Sur la Route des Hommes

Le jour était levé depuis une heure environ, et Grinarr avec lui, quand le tigre tomba sur sa toute première route dans le pays des sans-fourrures. La première de son voyage d’ailleurs Du moins à ce qui lui semblait, il était chez les humains. Il voyageait sans carte. Il pouvait s’être fourvoyé. C’était pas tout le monde qui avait la chance de posséder une carte du royaume tout entier. A deux lieues de cette route - apparemment praticable et pratiquée - il avait croisé une masure en ruine, un genre de moulin, dont les vestige d’une roue à eau et la toiture écroulée lui avaient semblé de facture humaine. Mais il pouvait se tromper. Il connaissait peu les elfes aussi. Le temps s’était couvert, un ciel argenté ne laissait voir du soleil d’hiver qu’un halo éblouissant, et la température était de saison : proche de zero. Certaines falques d’eau encore à l’ombre étaient encore gelées, et le givre scintillait par plaque cristalline un peu partout sur les hautes herbes de la plaines. Grinarr portait son armure de cuir et ses brassards cloutés, sa cape sans sa capuche, et son hakama. Son bâton ferré au poing, il s’accroupit sur cette route pour en examiner l’état. Il décela des traces de sabots et de roues, récentes. Des gens passaient ici, régulièrement. Il sentit monter en lui un mélange subtile d’excitation et d’appréhension. Qui allait-t-il rencontrer ? Comment étaient les humains ? Etaient-ils si étranges qu’on le disait chez lui ?  Calculateurs et belliqueux… dénués de cœur ? Il soupira, et se releva, arrangeant sa tenue, relevant le menton et bombant le torse… Avant de s’apercevoir que c’était inutile. Son amulette ne billant pas, personne n’approchait. Il reprit donc sa marche, empruntant cette route, dans le sens qui lui parut le plus plausiblement le conduire vers Luminarill. Il voulait en voir les temples, les prêtresses et les fidèles…
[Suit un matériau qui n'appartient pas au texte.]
Lemma skew_mulBl (p q r : {poly K}) : sM (p - q) r = sM p r - sM q r.
Proof.
have hp := leq_maxl (size p) (size q); have hq := leq_maxr (size p) (size q).
have hpq : (size (p - q)%R <= maxn (size p) (size q))%N.
  by apply: leq_trans (size_polyD p (- q)) _; rewrite size_polyN.
rewrite (skew_mul_widen r hpq) (skew_mul_widen r hp) (skew_mul_widen r hq) -sumrB.
by apply: eq_bigr => i _; rewrite coefB polyCB mulrBl.
Qed.

Lemma skew_mul0r (q : {poly K}) : sM 0 q = 0.
Proof. by rewrite /skew_mul size_poly0 big_ord0. Qed.

Lemma skew_mulr0 (p : {poly K}) : sM p 0 = 0.
Proof. by have := skew_mulBr p 0 0; rewrite !subrr. Qed.

Lemma skew_mulCl c (q : {poly K}) : sM c%:P q = c%:P * q.
Proof.
rewrite /skew_mul size_polyC; have [->|hc] := eqVneq c 0.
  by rewrite big_ord0 mul0r.
by rewrite big_ord1 /= coefC.
Qed.

Lemma skew_mul1l (q : {poly K}) : sM 1 q = q.
Proof. by rewrite skew_mulCl mul1r. Qed.

Lemma skew_mulr1 (p : {poly K}) : sM p 1 = p.
Proof.
have iterT1 n : iter n sT 1 = 'X^n.
  elim: n => //= n ->; rewrite /skew_mulT map_polyXn exprS.
  suff -> : map_poly delta 'X^n = 0 by rewrite addr0.
  apply/polyP => i; rewrite coef_map_id0 ?delta0 // coefXn coef0.
  by case: eqP; rewrite ?delta1 ?delta0.
rewrite /skew_mul -[RHS]coefK poly_def; apply: eq_bigr => i _.
by rewrite iterT1 mul_polyC.
Qed.

Lemma size_map_sigma (q : {poly K}) : size (map_poly sigma q) = size q.
Proof. by apply: size_map_inj_poly; [exact: sigma_inj | exact: rmorph0]. Qed.

Lemma size_map_delta_lt (q : {poly K}) : q != 0 ->
  (size (map_poly delta q) < size (map_poly sigma q * 'X)%R)%N.
Proof.
move=> hq; rewrite size_mulX ?size_map_sigma ?ltnS ?size_poly //.
by rewrite -size_poly_eq0 size_map_sigma size_poly_eq0.
Qed.

Lemma size_skew_mulT (q : {poly K}) : q != 0 -> size (sT q) = (size q).+1.
Proof.
move=> hq; rewrite /skew_mulT -(commr_polyX (map_poly sigma q)).
rewrite size_polyDl ?size_map_delta_lt // size_mulX ?size_map_sigma //.
by rewrite -size_poly_eq0 size_map_sigma size_poly_eq0.
Qed.

Lemma lead_coef_skew_mulT (q : {poly K}) : q != 0 ->
  lead_coef (sT q) = sigma (lead_coef q).
Proof.
move=> hq; rewrite /skew_mulT -(commr_polyX (map_poly sigma q)).
rewrite lead_coefDl ?size_map_delta_lt // lead_coefMX.
by apply: lead_coef_map_inj; [exact: sigma_inj | exact: rmorph0].
Qed.
(* Let $\{(\mathbf{x}^k,\mathbf{y}^k,\boldsymbol{\gamma}^k)\}$ be generated by the two-block linearized ADMM below, applied under the standing assumptions (i)–(iv) below. Then for every $k\ge1$, $$L_\beta(\mathbf{x}^{k+1},\mathbf{y}^{k+1},\boldsymbol{\gamma}^{k+1})-L_\beta(\mathbf{x}^{k+1},\mathbf{y}^{k+1},\boldsymbol{\gamma}^k)=\frac{1}{\beta}\|\boldsymbol{\gamma}^{k+1}-\boldsymbol{\gamma}^k\|^2\le C_2\|\mathbf{x}^{k+1}-\mathbf{x}^k\|^2+C_3\|\mathbf{y}^{k+1}-\mathbf{y}^k\|^2+C_4\|\mathbf{y}^k-\mathbf{y}^{k-1}\|^2,$$ where $L_w=L_g+L_h$, $\lambda_{\mathbf{B}^{\rm T}\mathbf{B}}$ is the smallest eigenvalue of $\mathbf{B}^{\rm T}\mathbf{B}$, $C_2=\frac{3L_w^2}{\beta\lambda_{\mathbf{B}^{\rm T}\mathbf{B}}}$, $C_3=\frac{3L_y^2}{\beta\lambda_{\mathbf{B}^{\rm T}\mathbf{B}}}$ and $C_4=\frac{3(L_w^2+L_y^2)}{\beta\lambda_{\mathbf{B}^{\rm T}\mathbf{B}}}$.
   Context: Problem: minimize $g(\mathbf{x},\mathbf{y})+f(\mathbf{x})+h(\mathbf{y})$ s.t. $\mathbf{A}\mathbf{x}+\mathbf{B}\mathbf{y}=\mathbf{0}$, $\mathbf{x}\in\mathbb{R}^p$, $\mathbf{y}\in\mathbb{R}^q$, $\mathbf{A}\in\mathbb{R}^{n\times p}$, $\mathbf{B}\in\mathbb{R}^{n\times q}$. Standing assumptions: (i) $\nabla h$ is $L_h$-Lipschitz; (ii) $\nabla g$ is $L_g$-Lipschitz; (iii) $g+f+h$ is lower bounded on the feasible set $\{\mathbf{A}\mathbf{x}+\mathbf{B}\mathbf{y}=\mathbf{0}\}$ and coercive w.r.t. $\mathbf{y}$ over it; (iv) $\mathbf{B}$ has full column rank and $\mathrm{Im}(\mathbf{A})\subset\mathrm{Im}(\mathbf{B})$. $L_\beta(\mathbf{x},\mathbf{y},\boldsymbol{\gamma})=g(\mathbf{x},\mathbf{y})+f(\mathbf{x})+h(\mathbf{y})+\langle\boldsymbol{\gamma},\mathbf{A}\mathbf{x}+\mathbf{B}\mathbf{y}\rangle+\frac{\beta}{2}\|\mathbf{A}\mathbf{x}+\mathbf{B}\mathbf{y}\|^2$. Algorithm (parameters $L_x,L_y,\beta>0$): $\mathbf{x}^{k+1}\in\arg\min\bar f^k$, $\mathbf{y}^{k+1}=\arg\min\bar h^k$, $\boldsymbol{\gamma}^{k+1}=\boldsymbol{\gamma}^k+\beta(\mathbf{A}\mathbf{x}^{k+1}+\mathbf{B}\mathbf{y}^{k+1})$, where $\bar f^k(\mathbf{x})=f(\mathbf{x})+\langle\boldsymbol{\gamma}^k,\mathbf{A}\mathbf{x}\rangle+\frac{L_x}{2}\|\mathbf{x}-\mathbf{x}^k\|^2+\langle\mathbf{x}-\mathbf{x}^k,\nabla_{\mathbf{x}}g(\mathbf{x}^k,\mathbf{y}^k)+\beta\mathbf{A}^{\rm T}(\mathbf{A}\mathbf{x}^k+\mathbf{B}\mathbf{y}^k)\rangle$, $\bar h^k(\mathbf{y})=\langle\boldsymbol{\gamma}^k,\mathbf{B}\mathbf{y}\rangle+\frac{L_y}{2}\|\mathbf{y}-\mathbf{y}^k\|^2+\frac{\beta}{2}\|\mathbf{A}\mathbf{x}^{k+1}+\mathbf{B}\mathbf{y}\|^2+\langle\mathbf{y}-\mathbf{y}^k,\nabla_{\mathbf{y}}g(\mathbf{x}^{k+1},\mathbf{y}^k)+\nabla h(\mathbf{y}^k)\rangle$. *)

From HB Require Import structures.
From mathcomp Require Import all_boot all_order all_algebra.
From mathcomp Require Import all_classical all_reals all_analysis.
Set Implicit Arguments. Unset Strict Implicit. Unset Printing Implicit Defensive.
Import Order.TTheory GRing.Theory Num.Theory.
Import numFieldNormedType.Exports.
Local Open Scope ring_scope.
(* Consider the wireless network described in the context, with nodes sending independent codewords under decode-and-forward. Run the nearest neighbor set algorithm (NNSA), which produces a finite set of candidate routes from node $1$ to node $D$. Then every candidate route that attains the largest value of $R_{\mathrm{DF}}$ among the candidates is optimal for DF, i.e., its rate equals $R_{\mathrm{DF}}^{\max}$.
   Context: Network: a finite set of nodes $\mathcal{S}=\{1,2,\dots,D\}$, $D\ge 2$. Node $1$ is the source and node $D$ is the destination. Received powers: for distinct nodes $i,t$, the power received at $t$ from $i$ is a positive real number $P_{it}$. All receivers have the same noise power $N>0$. Routes: a route is an ordered tuple of distinct nodes $\mathcal{M}=(m_1,\dots,m_L)$ with $m_1=1$ and $L\ge1$. It is a route from the source to the destination if moreover $m_L=D$. For $a\notin\mathcal{M}$, $\mathcal{M}\cup\{a\}$ denotes $(m_1,\dots,m_L,a)$. DF with independent codewords: the reception rate of node $m_t$ ($2\le t\le L$) in route $\mathcal{M}$ is $$R_{m_t}(\mathcal{M})=\tfrac12\log\Big(1+N^{-1}\sum_{i=1}^{t-1}P_{m_i m_t}\Big).$$ The supported DF rate (for $L\ge2$) is $R_{\mathrm{DF}}(\mathcal{M})=\min_{2\le t\le L}R_{m_t}(\mathcal{M})$. Also $R_{\mathrm{DF}}^{\max}=\max R_{\mathrm{DF}}(\mathcal{M})$ over all routes from $1$ to $D$. Nearest neighbor set: for a route $\mathcal{M}$ with $\mathcal{S}\setminus\mathcal{M}\neq\emptyset$, the nearest neighbor set is the smallest nonempty set $\mathcal{N}\subseteq\mathcal{S}\setminus\mathcal{M}$ with the following property. For all $n\in\mathcal{N}$, all $a\in\mathcal{S}\setminus(\mathcal{M}\cup\mathcal{N})$ and all $m\in\mathcal{M}$ we have $P_{mn}\ge P_{ma}$. Moreover, for every pair $(n,a)$ with $n\in\mathcal{N}$ and $a\in\mathcal{S}\setminus(\mathcal{M}\cup\mathcal{N})$, at least one of these inequalities (over $m\in\mathcal{M}$) is strict. NNSA: 1. Start with the single partial route $(1)$. 2. For a partial route $\mathcal{M}$ not containing $D$, compute its nearest neighbor set $\mathcal{N}=\{n_1,\dots,n_{|\mathcal{N}|}\}$, and replace $\mathcal{M}$ by the $|\mathcal{N}|$ routes $\mathcal{M}\cup\{n_i\}$, $i=1,\dots,|\mathcal{N}|$. 3. Repeat step 2 on every partial route until every route contains $D$; such routes end at $D$. The resulting routes are the NNSA candidates. *)

From Stdlib Require Import Reals List.
Import ListNotations.
Open Scope R_scope.

Definition in_S (D i : nat) : Prop := (1 <= i <= D)%nat.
A présent qu’il était sur la route, Peut-être qu’il croiserait d’autres voyageurs ? Ou trouverait à monter dans une charrette allant dans la même direction que lui ? Il l’espéra. Voilà quelques jours qu’il marchait totalement seul et silencieux. Il commençait à avoir envie de compagnie. Il marcha seul encore une bonne heure, contemplant le paysage de plus en plus agricole et de moins en moins sauvage, quand soudain… Son amulette se mit à briller. Il sourire étira ses babine et il se mit à ronronner, tâchant de se convaincre que tout se passerait bien. Il tâcha de continuer à marcher paisiblement, « l’air de rien » pour ne pas avoir l’air de scruter les alentours ni d’attendre quelqu’un. Mais intérieurement, il brûlait de voir qui approchait, car il n’avait revu de sans fourrures depuis la puberté, lorsqu’il s’en était allé en pèlerinage au Sanctuaire du Mon Sacré. Il en avait un souvenir un peu flou, et se rappelait surtout de cette absence de pelage, qui lui filait des frissons alors, lui donnant l’impression qu’ils devaient avoir constamment froid. Il appréhendait leur mentalité aussi. Il avait entendu tant de choses à leur sujet. Il s’efforçait de n’en rien croire, pour laisser à la rencontre toutes ses chances d’être « ce qu’elle serait » sans la conditionner par avance de tous les « on dit » qu’il avait entendu. Il entendit un chien aboyer au loin. Une légère brise se leva qui fit bruisser les hautes herbes.  A son approche des petits animaux, invisibles, bruissaient sures bas côté de la route, fuyant sa présence. Les oiseaux étaient moins présents qu’au printemps mais on en entendait quelques un chanter quand même. Il eut un regard en arrière, comme la lueur de son amulette ne faiblissait pas et qu’il ne voyait rien venir devant. Mais la route formait un virage à cet endroit l’empêchant de voir à 50 mètres…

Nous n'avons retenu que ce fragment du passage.